● The data:
⟨

Lemma sum_Lambda_weight_tfb a b : sum_Lambda (fun k => weight k a b * tfb k) = b.
Proof.
  destruct Lambda_moments as (_ & Hb & _ & Hab & Hbb).
  replace (fun k => weight k a b * tfb k) with
    (fun k => 2 * bracket a b * tfb k + 625 / 98 * a * (tfa k * tfb k)
              + 625 / 1152 * b * (tfb k * tfb k))
    by (apply functional_extensionality; intro k; unfold weight; ring).
  rewrite sum_Lambda_lincomb, Hb, Hab, Hbb. field.
Qed.

Lemma msum_Lambda_weight a b :
  msum_Lambda (fun k => mscale (weight k a b) (tfotimes k k)) = tfsym a b.
Proof.
  replace (fun k => mscale (weight k a b) (tfotimes k k)) with
    (fun k => tfsym (weight k a b * tfa k) (weight k a b * tfb k))
    by (apply functional_extensionality; intro k; now rewrite tfotimes_diag, mscale_tfsym).
  now rewrite msum_Lambda_tfsym, sum_Lambda_weight_tfa, sum_Lambda_weight_tfb.
Qed.

Lemma bracket_bounds a b :
  0 < bracket a b /\ - bracket a b < a < bracket a b /\ - bracket a b < b < bracket a b.
Proof.
  unfold bracket.
  assert (H1 : 0 < 1 + a * a + b * b) by nra.
  pose proof (sqrt_lt_R0 _ H1) as Hpos.
  pose proof (sqrt_sqrt _ (Rlt_le _ _ H1)) as Hsq.
  repeat split; nra.
Qed.

Lemma bracket_le_mnorm a b : bracket a b <= 1 + mnorm (tfsym a b).
Proof.
  unfold bracket, mnorm; cbn [tfsym m11 m12 m21 m22].
  set (S := sqrt (a ^ 2 + b ^ 2 + b ^ 2 + (- a) ^ 2)).
  assert (HS0 : 0 <= S) by apply sqrt_pos.
  assert (HS2 : S * S = a ^ 2 + b ^ 2 + b ^ 2 + (- a) ^ 2) by (apply sqrt_sqrt; nra).
  rewrite <- (sqrt_square (1 + S)) by lra.
  apply sqrt_le_1_alt. nra.
Qed.

Lemma weight_pos k a b : In k Lambda -> 0 < weight k a b.
Proof.
  intro Hk. destruct (bracket_bounds a b) as (Hs & [Ha1 Ha2] & [Hb1 Hb2]).
  unfold weight, tfa, tfb, tfotimes.
  repeat (destruct Hk as [<-|Hk]; [cbn [fst snd m11 m12]; lra|]). contradiction.
Qed.

Lemma weight_le k a b : In k Lambda -> weight k a b <= 4 * bracket a b.
Proof.
  intro Hk. destruct (bracket_bounds a b) as (Hs & [Ha1 Ha2] & [Hb1 Hb2]).
  unfold weight, tfa, tfb, tfotimes.
  repeat (destruct Hk as [<-|Hk]; [cbn [fst snd m11 m12]; lra|]). contradiction.
Qed.

Lemma sqrt_weight_le k a b :
  In k Lambda -> sqrt (weight k a b) <= 2 * sqrt (1 + mnorm (tfsym a b)).
Proof.
  intro Hk.
  pose proof (weight_le k a b Hk). pose proof (bracket_le_mnorm a b).
  apply Rle_trans with (sqrt (4 * (1 + mnorm (tfsym a b)))).
  - apply sqrt_le_1_alt. lra.
  - rewrite sqrt_mult_alt by lra.
    replace 4 with (2 * 2) by ring. rewrite sqrt_square by lra. lra.
Qed.

Lemma smooth2_sqrt_weight k : In k Lambda -> smooth2 (fun a b => sqrt (weight k a b)).
Proof.
  intros Hk n.
  apply (Cn_sqrt n (weight k)); [|intros; now apply weight_pos].
  unfold weight, bracket.
  repeat first [ apply Cn_const | apply Cn_x | apply Cn_y
               | apply Cn_plus | apply Cn_mult | apply Cn_sqrt ].
  intros; nra.
Qed.

Definition gamma_Lambda (k : vec2) (A : mat2) : R := sqrt (weight k (m11 A) (m12 A)).
Lemma sinM_entry_eq0 (n : nat) (A : 'M[R]_n.+1) (u v : 'I_n.+1) :
  (forall k, (A ^+ (2 * k).+1) u v = 0) -> forall t, sinM A t u v = 0.
Proof.
move=> hA t; rewrite /sinM mxE; apply: (cvg_lim (@Rhausdorff R)).
apply: cvg_near_cst; exists 0%N => // N _.
by rewrite /series /= big1 // => k _; rewrite hA mulr0.
Qed.

Lemma continuous_root_pos (f : R -> R) (T : R) :
  continuous f -> 0 < f 0 -> 0 < T -> f T <= 0 -> exists2 t, 0 < t & f t = 0.
Proof.
move=> cf f0 T0 fT.
have [|t] := @IVT _ f 0 T 0 (ltW T0) (continuous_subspaceT cf).
  by rewrite ge_min le_max fT (ltW f0) orbT.
rewrite in_itv /= => /andP[t0 _] ft; exists t => //.
rewrite lt_neqAle t0 andbT; apply/eqP => t_eq0.
by rewrite -t_eq0 in ft; rewrite ft ltxx in f0.
Qed.

Lemma cos_comb_continuous (c1 c2 c3 s : R) :
  continuous (fun t => c1 * cos (s * t) + c2 * cos t + c3).
Proof.
move=> x; apply: cvgD; last exact: cvg_cst.
apply: cvgD; apply: cvgMl_tmp; last exact: continuous_cos.
apply: (@continuous_comp _ _ _ ( *%R s) cos); last exact: continuous_cos.
by apply: cvgMl_tmp; exact: cvg_id.
Qed.

Lemma not_sedentary_two_freq (n : nat) (A : 'M[R]_n.+1) (u : 'I_n.+1)
    (c1 c2 c3 mu T : R) :
  0 <= mu -> 0 < T ->
  (forall k, (A ^+ (2 * k)) u u = c1 * mu ^+ k + c2 + c3 * (k == 0%N)%:R) ->
  (forall k, (A ^+ (2 * k).+1) u u = 0) ->
  c1 * cos (Num.sqrt mu * T) + c2 * cos T + c3 <= 0 ->
  ~ sedentary A u.
Proof.
move=> mu0 T0 hev hodd hT [C [/andP[C0 _] hC]].
have f0 : 0 < c1 * cos (Num.sqrt mu * 0) + c2 * cos 0 + c3.
  have := hev 0%N; rewrite muln0 !expr0 mxE eqxx !mulr1 mulr0 cos0 !mulr1 => <-.
  exact: ltr01.
have [t t0 ft] := continuous_root_pos (@cos_comb_continuous c1 c2 c3 _) f0 T0 hT.
have := hC t t0.
rewrite /absU (cosM_entry_two_freq mu0 hev) ft (sinM_entry_eq0 hodd) expr0n /= addr0 sqrtr0.
by move=> /(lt_le_trans C0); rewrite ltxx.
Qed.

Lemma cos_comb_pi_le0 (c1 c2 c3 s : R) :
  0 <= c1 -> c1 + c3 <= c2 -> c1 * cos (s * pi) + c2 * cos pi + c3 <= 0.
Proof.
move=> c10 hc; rewrite cospi mulrN1.
have : c1 * cos (s * pi) <= c1 by rewrite ler_piMr ?cos_le1.
lra.
Qed.

End AnalyticFacts.

Section SubdividedStarWalks.
Variables (R : realType) (m : nat).

Lemma sum_nat_pick (lo hi k : nat) (F : nat -> R) : (lo <= k < hi)%N ->
  \sum_(lo <= j < hi) (j == k)%:R * F j = F k.
Proof.
move=> hk; under eq_bigr => j _ do rewrite mulr_natl mulrb.
by rewrite -big_mkcond big_nat1_eq hk.
Qed.

Lemma sum_nat_interval (lo hi n : nat) (F : nat -> R) : (lo <= hi <= n)%N ->
  \sum_(0 <= j < n) (lo <= j < hi)%:R * F j = \sum_(lo <= j < hi) F j.
Proof.
move=> /andP[lohi hin].
rewrite (@big_cat_nat _ _ _ lo) ?(leq_trans lohi) //=.
rewrite [X in _ + X](@big_cat_nat _ _ _ hi) //=.
have out j : ~~ (lo <= j < hi)%N -> (lo <= j < hi)%:R * F j = 0.
  by move/negbTE ->; rewrite mul0r.
rewrite [X in X + _]big1_seq => [|j]; last first.
  by rewrite mem_index_iota => /andP[_ hj]; apply: out; lia.
rewrite [X in _ + (_ + X)]big1_seq => [|j]; last first.
  by rewrite mem_index_iota => /andP[_ hj]; apply: out; lia.
by rewrite add0r addr0; apply: eq_big_nat => j ->; rewrite mul1r.
Qed.

Definition gm_nbr (F : nat -> R) (i : nat) : R :=
  if i == 0%N then \sum_(1 <= j < m.+1) F j
  else if (i <= m)%N then F 0%N + F (i + m)%N else F (i - m)%N.

Lemma adjG_mul_colE (M : 'M[R]_((2 * m).+1)) (u i : 'I_((2 * m).+1)) (F : nat -> R) :
  (forall j : 'I_((2 * m).+1), M j u = F j) -> (adjG R m *m M) i u = gm_nbr F i.
Proof.
move=> hF; rewrite mxE.
under eq_bigr => j _ do rewrite hF mxE /gm_edge.
rewrite -(big_mkord xpredT (fun j => (gm_arc m i j || gm_arc m j i)%:R * F j)).
case: i => i /= ilt; rewrite /gm_nbr /gm_arc.
case: eqP => [->|i0]; last case: ifP => him.
- rewrite -(@sum_nat_interval 1 m.+1 (2 * m).+1); last by lia.
  by apply: eq_big_nat => j hj /=; congr (_%:R * _); lia.
- rewrite (@eq_big_nat _ _ _ _ _ _
      (fun j => (j == 0%N)%:R * F j + (j == i + m)%N%:R * F j)).
    by rewrite big_split /= !sum_nat_pick //; lia.
  by move=> j hj /=; rewrite -mulrDl -natrD; congr (_%:R * _); lia.
- rewrite -(@sum_nat_pick 0 (2 * m).+1 (i - m)); last by lia.
  by apply: eq_big_nat => j hj /=; congr (_%:R * _); lia.
Qed.

Lemma adjG_expr_col (u : 'I_((2 * m).+1)) (E O : nat -> nat -> R) :
  (forall j : 'I_((2 * m).+1), E 0%N j = (j == u :> nat)%:R) ->
  (forall k (i : 'I_((2 * m).+1)), O k i = gm_nbr (E k) i) ->
  (forall k (i : 'I_((2 * m).+1)), E k.+1 i = gm_nbr (O k) i) ->
  forall k (j : 'I_((2 * m).+1)),
    (adjG R m ^+ (2 * k)) j u = E k j /\ (adjG R m ^+ (2 * k).+1) j u = O k j.
Proof.
move=> E0 OE EO.
have step n (G : nat -> R) : (forall j : 'I_((2 * m).+1), (adjG R m ^+ n) j u = G j) ->
    forall i : 'I_((2 * m).+1), (adjG R m ^+ n.+1) i u = gm_nbr G i.
  by move=> hG i; rewrite exprS -mulmxE; exact: adjG_mul_colE.
have even k (j : 'I_((2 * m).+1)) : (adjG R m ^+ (2 * k)) j u = E k j.
  elim: k j => [|k IH] j; first by rewrite muln0 expr0 mxE E0.
  by rewrite mulnS add2n EO; apply: (step) => i; rewrite OE; exact: step.
by move=> k j; rewrite OE; split; [exact: even | exact: step].
Qed.
Lemma dotv_mulmx_lower_bound {A} {kappa zeta : R} u v :
  0 < kappa -> 0 < zeta ->
  (forall z, norm2 (A *m z) <= kappa * norm2 z) ->
  zeta * dotv u u <= dotv u (A *m u) ->
  kappa_uv kappa zeta * dotv v v <= dotv u u ->
  zeta / 2 * dotv u u <= dotv (u + v) (A *m (u + v)).
Proof.
move=> kappa_gt0 zeta_gt0 A_bounded coercive_u dominant_u.
have zeta_neq0 : zeta != 0 by rewrite gt_eqF.
have kappa_neq0 : kappa != 0 by rewrite gt_eqF.
set C := 4 * kappa ^+ 2 / zeta.
have uAv : - (zeta / 4 * dotv u u + C * dotv v v) <= 2 * dotv u (A *m v).
  have s_gt0 : 0 < 4 / zeta by rewrite divr_gt0.
  have Nu_eq : dotv u u / (4 / zeta) = zeta / 4 * dotv u u by field.
  have C_eq : 4 / zeta * kappa ^+ 2 = C by rewrite /C; field.
  by have := dotv_mulmx_young u v A_bounded s_gt0; rewrite Nu_eq C_eq.
have vAu : - (C * dotv v v + zeta / 4 * dotv u u) <= 2 * dotv v (A *m u).
  have s_gt0 : 0 < zeta / (4 * kappa ^+ 2) by rewrite divr_gt0 ?mulr_gt0.
  have Nv_eq : dotv v v / (zeta / (4 * kappa ^+ 2)) = C * dotv v v.
    by rewrite /C; field; apply/andP.
  have s_eq : zeta / (4 * kappa ^+ 2) * kappa ^+ 2 = zeta / 4 by field.
  by have := dotv_mulmx_young v u A_bounded s_gt0; rewrite Nv_eq s_eq.
have vAv := dotv_mulmx_young v v A_bounded ltr01.
rewrite mul1r divr1 in vAv.
have {}dominant_u : (2 * C + 1 + kappa ^+ 2) * dotv v v <= zeta / 2 * dotv u u.
  have kappa_uv_eq : zeta / 2 * (kappa_uv kappa zeta * dotv v v) =
                     (2 * C + 1 + kappa ^+ 2) * dotv v v.
    by rewrite /kappa_uv /C; field.
  by rewrite -(ler_pM2l (_ : 0 < zeta / 2)) ?divr_gt0 // kappa_uv_eq in dominant_u.
rewrite mulmxDr !dotvDl !dotvDr; clearbody C; lra.
Qed.

End QuadraticForms.

Theorem lemma2p10 (R : realType) (n m : nat) (X : set 'cV[R]_n)
  (f : 'cV[R]_n -> R) (c : 'cV[R]_n -> 'cV[R]_m) (g : 'cV[R]_n -> 'cV[R]_n)
  (J : 'cV[R]_n -> 'M[R]_(m, n)) (x d : nat -> 'cV[R]_n) (y : nat -> 'cV[R]_m)
  (H : nat -> 'M[R]_n) (tau alpha : nat -> R) (kappaH zeta : R) :
  standing_assumption X f c g J x ->
  matrix_assumption J x H kappaH zeta ->
  generated_by_alg1 X f c g J x d y H tau alpha \/
  generated_by_alg2 X f c g J x d y H tau alpha ->
  no_finite_termination c g J x y ->
  exists kuv : R, 0 < kuv /\
    forall (k : nat) (u v : 'cV[R]_n),
      J (x k) *m u = 0 ->
      (exists w : 'cV[R]_m, v = (J (x k))^T *m w) ->
      d k = u + v ->
      kuv * norm2 v ^+ 2 <= norm2 u ^+ 2 ->
      4^-1 * zeta * norm2 u ^+ 2 <= 2^-1 * dotv (d k) (H k *m d k).
Proof.
move=> _ [kappaH_gt0 zeta_gt0 matrix_bounds] _ _.
exists (kappa_uv kappaH zeta); split; first exact: kappa_uv_gt0.
move=> k u v Ju0 _ ->; have [_ H_bounded H_coercive] := matrix_bounds k.
rewrite !norm2_sqr => dominant_u.
have coercive_u := H_coercive u Ju0; rewrite norm2_sqr in coercive_u.
have := dotv_mulmx_lower_bound u v kappaH_gt0 zeta_gt0 H_bounded coercive_u
  dominant_u.
lra.
Qed.
(* For every $\epsilon>0$ there exists a distributed algorithm in the LOCAL model that, for every outerplanar graph $G$, computes in a constant number of rounds (the constant depending only on $\epsilon$) a dominating set of $G$ of size at most $(8+\epsilon)\gamma(G)$.
   Context: All graphs are finite, undirected and simple. A graph is outerplanar if it has a plane embedding in which all vertices lie on the outer face. In the LOCAL model the input graph is the communication network: each vertex is a processor with a unique identifier; in each synchronous round every vertex may send arbitrary messages to its neighbours and perform arbitrary local computation; at the end each vertex decides whether it belongs to the output set. A dominating set of $G$ is a set $D\subseteq V(G)$ such that every vertex is in $D$ or has a neighbour in $D$; $\gamma(G)$ is the minimum size of a dominating set. *)

From mathcomp Require Import all_boot.
From Stdlib Require Import Reals.
Set Implicit Arguments. Unset Strict Implicit. Unset Printing Implicit Defensive.

(* A finite graph whose vertices are identified with their (unique) natural
   number identifiers. *)
Record graph := Graph { gV : seq nat; gE : nat -> nat -> bool }.

Definition simple_graph (G : graph) : Prop :=
  [/\ uniq (gV G),
      (forall x y, gE G x y = gE G y x),
      (forall x, gE G x x = false)
    & (forall x y, gE G x y -> (x \in gV G) && (y \in gV G))].

(* Outerplanar: the vertices can be placed in convex position (a cyclic/linear
   order s) so that all edges, drawn as straight chords, are pairwise
   non-crossing; this is a plane embedding with every vertex on the outer face. *)
Definition outerplanar (G : graph) : Prop :=
  exists s : seq nat, perm_eq s (gV G) /\
    forall a b c d, gE G a b -> gE G c d ->
      ~ [/\ index a s < index c s, index c s < index b s & index b s < index d s].

Definition dominating (G : graph) (D : seq nat) : Prop :=
  {subset D <= gV G} /\
  forall v, v \in gV G -> (v \in D) \/ exists2 u, u \in D & gE G u v.

Definition domination_number (G : graph) (k : nat) : Prop :=
  (exists D, [/\ uniq D, dominating G D & size D = k]) /\
  (forall D, uniq D -> dominating G D -> k <= size D).

Fixpoint inball (G : graph) (r : nat) (v u : nat) : bool :=
  match r with
  | 0 => (u == v) && (v \in gV G)
  | r'.+1 => inball G r' v u || has (fun w => inball G r' v w && gE G w u) (gV G)
  end.

(* A (deterministic) distributed algorithm: every vertex v of every graph G
   decides membership in the output set A G v. *)
Definition algorithm := graph -> nat -> bool.
Lemma sat_interval_formula_exp a m j Q : a \in O -> a^-1 \notin O ->
  sat (scons (a ^+ m) (fun n => a ^+ ((j + n) * Q))) interval_formula <->
  (j * Q <= m < j.+1 * Q)%N.
Proof.
move=> aO aVNO /=; rewrite !vdiv_exp2l // addn0 addn1 ltnNge.
by split=> [[-> /negP ->]|/andP[-> /negP]].
Qed.

End Formulas.

Lemma mul_interval_index j j0 P Q : (P < Q)%N ->
  (j * Q <= j0 * Q + P < j.+1 * Q)%N = (j == j0).
Proof.
move=> lt_PQ; have Q0 : (0 < Q)%N by apply: leq_ltn_trans lt_PQ.
have below_next : (j0 * Q + P < j0.+1 * Q)%N by rewrite mulSn addnC ltn_add2r.
apply/idP/eqP => [/andP[lo hi]|->]; last by rewrite leq_addr.
apply/eqP; rewrite eqn_leq; apply/andP; split; rewrite -ltnS -(ltn_pmul2r Q0).
- exact: leq_ltn_trans lo below_next.
- exact: leq_ltn_trans (leq_addr P _) hi.
Qed.

Lemma not_dp_small_of_not_vdivisible (F : fieldType) (O : {pred F}) a q :
  is_valuation_ring O -> a \in O -> a^-1 \notin O -> (1 < q)%N -> ~ vdivisible O q a ->
  ~ dp_small (vf_structure O).
Proof.
move=> O_valuation aO aVNO q1 aq; have a0 := valring_invN_neq0 O_valuation aVNO.
apply: (@not_dp_small_of_eventual_pattern (vf_structure O) (level_formula q)
  (fun _ _ _ => 0) interval_formula (fun j n k => a ^+ ((j + n) * q ^ k)%N)).
move=> i0 j0; exists (fun k => a ^+ (j0 * q ^ k + q ^ i0)), i0.+1 => k lt_i0k i j; split.
- have -> : (j0 * q ^ k + q ^ i0 = q ^ i0 * (q * (j0 * q ^ (k - i0.+1)) + 1))%N.
    rewrite -[in LHS](subnKC lt_i0k) expnS expnD; ring.
  exact: sat_level_formula_exp.
- rewrite sat_interval_formula_exp // mul_interval_index ?ltn_exp2l //.
  by split=> [/eqP|->].
Qed.

Theorem theorem1p6 (F : fieldType) (O : {pred F}) :
  is_valuation_ring O -> henselian O -> dp_small (vf_structure O) ->
  value_group_divisible O.
Proof.
move=> O_valuation _ dps a a0 n n0; apply: contrapT => not_div.
have a_n : ~ vdivisible O n a by case=> b b0 ab; apply: not_div; exists b.
have [b [bO bVNO b_n]] := exists_nonvdivisible_in_maximal_ideal O_valuation a0 a_n.
have n1 : (1 < n)%N.
  by case: n n0 a_n {not_div b_n} => [|[|n]] // _ /(_ (vdivisible1 O_valuation a0)).
exact: not_dp_small_of_not_vdivisible O_valuation bO bVNO n1 b_n dps.
Qed.
(* Under the standing assumptions of the context, $\|m_l'-(m^M)'\|_C=O(\mu(l))$ as $l\to\infty$.
   Context: Let $\theta$ be odd, non-decreasing, $C^2$, with $\theta(\omega)=\pi/4$ for $\omega>\pi/3$; fix $\pi/3\le\omega_0<\pi/2$. Meyer scaling function (Fourier transform): $\widehat{\varphi^M}(\omega)=1$ for $|\omega|\le2\omega_0$, $=\cos(\frac\pi4+\theta(\frac{\pi}{3(\pi-2\omega_0)}(|\omega|-\pi)))$ for $2\omega_0<|\omega|\le2\pi-2\omega_0$, $=0$ otherwise. Meyer mask: $2\pi$-periodic $m^M$ with $m^M(\omega)=\widehat{\varphi^M}(2\omega)$ on $[-\pi,\pi]$. $\|\cdot\|_C$: sup norm on $[-\pi,\pi]$. A linear method of summation $(\lambda_{n,k})$ maps $f$ with Fourier coefficients $a_k,b_k$ to $u_n(f,\omega)=\frac{a_0}2+\sum_{k=1}^n\lambda_{n,k}(a_k\cos k\omega+b_k\sin k\omega)$. $m^M_l:=m^M/(\cos\frac\omega2)^{2l}$. Standing assumptions: a method and a sequence $n(l)$ are fixed with $u_l:=u_{n(l)}(m^M_l,\cdot)$, $u_{1,l}:=u_{n(l)}((m^M_l)',\cdot)$ satisfying $\alpha(l):=\|u_l-m^M_l\|_C=o(l^{-1})$, $\gamma(l):=\|u_{1,l}-(m^M_l)'\|_C=o(1)$, $u_l(\pi)\ne0$; $l_0$ is fixed with $\inf_{l\ge l_0}|u_l(0)|>0$ and $l\ge l_0$. $\mu(l):=l\alpha(l)+\gamma(l)$. $m_l(\omega):=(\cos\frac\omega2)^{2l}u_l(\omega)/u_l(0)$. *)

From Stdlib Require Import Reals.
From Coquelicot Require Import Coquelicot.
Open Scope R_scope.

(* Meyer scaling function (Fourier transform), parameters theta, w0. *)
Definition phiM (theta : R -> R) (w0 : R) (w : R) : R :=
  if Rle_dec (Rabs w) (2 * w0) then 1
  else if Rle_dec (Rabs w) (2 * PI - 2 * w0) then
    cos (PI / 4 + theta (PI / (3 * (PI - 2 * w0)) * (Rabs w - PI)))
  else 0.

Definition redpi (w : R) : R := w - 2 * PI * IZR (Int_part ((w + PI) / (2 * PI))).

(* Meyer mask: 2*PI-periodic, equal to phiM(2 w) on [-PI, PI]. *)
Definition mM (theta : R -> R) (w0 : R) (w : R) : R := phiM theta w0 (2 * redpi w).

(* m^M_l := m^M / (cos (w/2))^(2l)  (at w = PI (mod 2PI), m^M vanishes and the
   Rocq value x/0 = 0 gives the continuous extension by 0). *)
Definition mMl (theta : R -> R) (w0 : R) (l : nat) (w : R) : R :=
  mM theta w0 w / (cos (w / 2)) ^ (2 * l).

Definition fa (f : R -> R) (k : nat) : R := / PI * RInt (fun t => f t * cos (INR k * t)) (- PI) PI.
Definition fb (f : R -> R) (k : nat) : R := / PI * RInt (fun t => f t * sin (INR k * t)) (- PI) PI.

Definition usum (lam : nat -> nat -> R) (n : nat) (f : R -> R) (w : R) : R :=
  fa f 0 / 2 + sum_n_m (fun k => lam n k * (fa f k * cos (INR k * w) + fb f k * sin (INR k * w))) 1 n.

Definition supC (f : R -> R) : R :=
  real (Lub_Rbar (fun y => exists x, - PI <= x <= PI /\ y = Rabs (f x))).

Section Std.
Variables (theta : R -> R) (w0 : R) (lam : nat -> nat -> R) (nl : nat -> nat).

⟩

● What the task asks: All that belongs in your answer is the stretch of entries above from the line with "End AnalyticFacts." through the line with "by move/negbTE ->; rewrite mul0r.", printed exactly.

● Reply:
End AnalyticFacts.

Section SubdividedStarWalks.
Variables (R : realType) (m : nat).

Lemma sum_nat_pick (lo hi k : nat) (F : nat -> R) : (lo <= k < hi)%N ->
  \sum_(lo <= j < hi) (j == k)%:R * F j = F k.
Proof.
move=> hk; under eq_bigr => j _ do rewrite mulr_natl mulrb.
by rewrite -big_mkcond big_nat1_eq hk.
Qed.

Lemma sum_nat_interval (lo hi n : nat) (F : nat -> R) : (lo <= hi <= n)%N ->
  \sum_(0 <= j < n) (lo <= j < hi)%:R * F j = \sum_(lo <= j < hi) F j.
Proof.
move=> /andP[lohi hin].
rewrite (@big_cat_nat _ _ _ lo) ?(leq_trans lohi) //=.
rewrite [X in _ + X](@big_cat_nat _ _ _ hi) //=.
have out j : ~~ (lo <= j < hi)%N -> (lo <= j < hi)%:R * F j = 0.
  by move/negbTE ->; rewrite mul0r.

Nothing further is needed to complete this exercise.